**Task requirements**
Write out the full listing again. Make no alterations.

------ Information supplied ------

Lemma off_block_compl (x : 'I_n) : off_block x <-> ~ on_block x.
Proof.
have [cb_bounds [rb_bounds _]] := gridding.
have [i xi] := interval_exists cb_bounds (ltn_ord x).
have [j xij] := in_cell_of_column sigma rb_bounds xi.
have := exists_in_cell cb_bounds rb_bounds (fun i => ~ component_col M c0 i)
                       (fun j => ~ component_row M c0 j) xij.
have := on_block_cell xij; have := component_col_row c0_vertex (point_cell_vertex xij).
rewrite /off_block; tauto.
Qed.

Lemma on_block_saturated : grid_saturated k l sigma cb rb on_block.
Proof.
have [cb_bounds [rb_bounds _]] := gridding.
split=> x y i xi yi.
- have [jx xij] := in_cell_of_column sigma rb_bounds xi.
  have [jy yij] := in_cell_of_column sigma rb_bounds yi.
  by have := on_block_cell xij; have := on_block_cell yij; tauto.
- have [ix xij] := in_cell_of_row cb_bounds xi.
  have [iy yij] := in_cell_of_row cb_bounds yi.
  by have := on_block_cell xij; have := on_block_cell yij; tauto.
Qed.

End ComponentBlocks.

Theorem mainTheorem15 (k l : nat) (M : gmatrix k l)
  (Hclass : forall i j, perm_class (M i j))
  (Hentries : forall i j, infinite_class (M i j) \/ empty_class (M i j))
  (c0 : cell k l) (Hc0 : is_vertex M c0)
  (Hdisc : exists c1, is_vertex M c1 /\ ~ cell_connected M c0 c1)
  (n : nat) (sigma : 'S_n) (cb rb : nat -> nat)
  (Hgrid : is_gridding M sigma cb rb) :
  let comp := fun c => cell_connected M c0 c in
  let C1 := fun i : 'I_k => exists j : 'I_l, comp (i, j) in
  let R1 := fun j : 'I_l => exists i : 'I_k, comp (i, j) in
  let pi1 := sub_points sigma (fun x => exists (i : 'I_k) (j : 'I_l),
               C1 i /\ R1 j /\ in_cell sigma cb rb x i j) in
  let pi2 := sub_points sigma (fun x => exists (i : 'I_k) (j : 'I_l),
               ~ C1 i /\ ~ R1 j /\ in_cell sigma cb rb x i j) in
  let pi := sub_points sigma (fun _ => True) in
  gw pi <= maxn (gw pi1) (gw pi2) + maxn k l.
Proof.
cbv zeta.
have [cb_bounds [rb_bounds _]] := Hgrid.
have K_pos : 0 < maxn k l.
  by case: c0.1 => i lt_ik; rewrite leq_max (leq_ltn_trans (leq0n i) lt_ik).
have compl := off_block_compl Hc0 Hentries Hgrid.
have sat1 := on_block_saturated Hc0 Hentries Hgrid.
(* pi1 and pi2 are, up to unfolding, the selections [on_block] and [off_block]. *)
apply: gw_union K_pos _ _ _.
- exact: sub_points_split compl.
- exact (sub_points_complexity cb_bounds rb_bounds sat1).
- exact (sub_points_complexity cb_bounds rb_bounds (grid_saturated_compl compl sat1)).
Qed.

------

**Result for this exercise**
Lemma off_block_compl (x : 'I_n) : off_block x <-> ~ on_block x.
Proof.
have [cb_bounds [rb_bounds _]] := gridding.
have [i xi] := interval_exists cb_bounds (ltn_ord x).
have [j xij] := in_cell_of_column sigma rb_bounds xi.
have := exists_in_cell cb_bounds rb_bounds (fun i => ~ component_col M c0 i)
                       (fun j => ~ component_row M c0 j) xij.
have := on_block_cell xij; have := component_col_row c0_vertex (point_cell_vertex xij).
rewrite /off_block; tauto.
Qed.

Lemma on_block_saturated : grid_saturated k l sigma cb rb on_block.
Proof.
have [cb_bounds [rb_bounds _]] := gridding.
split=> x y i xi yi.
- have [jx xij] := in_cell_of_column sigma rb_bounds xi.
  have [jy yij] := in_cell_of_column sigma rb_bounds yi.
  by have := on_block_cell xij; have := on_block_cell yij; tauto.
- have [ix xij] := in_cell_of_row cb_bounds xi.
  have [iy yij] := in_cell_of_row cb_bounds yi.
  by have := on_block_cell xij; have := on_block_cell yij; tauto.
Qed.

End ComponentBlocks.

Theorem mainTheorem15 (k l : nat) (M : gmatrix k l)
  (Hclass : forall i j, perm_class (M i j))
  (Hentries : forall i j, infinite_class (M i j) \/ empty_class (M i j))
  (c0 : cell k l) (Hc0 : is_vertex M c0)
  (Hdisc : exists c1, is_vertex M c1 /\ ~ cell_connected M c0 c1)
  (n : nat) (sigma : 'S_n) (cb rb : nat -> nat)
  (Hgrid : is_gridding M sigma cb rb) :
  let comp := fun c => cell_connected M c0 c in
  let C1 := fun i : 'I_k => exists j : 'I_l, comp (i, j) in
  let R1 := fun j : 'I_l => exists i : 'I_k, comp (i, j) in
  let pi1 := sub_points sigma (fun x => exists (i : 'I_k) (j : 'I_l),
               C1 i /\ R1 j /\ in_cell sigma cb rb x i j) in
  let pi2 := sub_points sigma (fun x => exists (i : 'I_k) (j : 'I_l),
               ~ C1 i /\ ~ R1 j /\ in_cell sigma cb rb x i j) in
  let pi := sub_points sigma (fun _ => True) in
  gw pi <= maxn (gw pi1) (gw pi2) + maxn k l.
Proof.
cbv zeta.
have [cb_bounds [rb_bounds _]] := Hgrid.
have K_pos : 0 < maxn k l.
  by case: c0.1 => i lt_ik; rewrite leq_max (leq_ltn_trans (leq0n i) lt_ik).
have compl := off_block_compl Hc0 Hentries Hgrid.
have sat1 := on_block_saturated Hc0 Hentries Hgrid.
(* pi1 and pi2 are, up to unfolding, the selections [on_block] and [off_block]. *)
apply: gw_union K_pos _ _ _.
- exact: sub_points_split compl.
- exact (sub_points_complexity cb_bounds rb_bounds sat1).
- exact (sub_points_complexity cb_bounds rb_bounds (grid_saturated_compl compl sat1)).
Qed.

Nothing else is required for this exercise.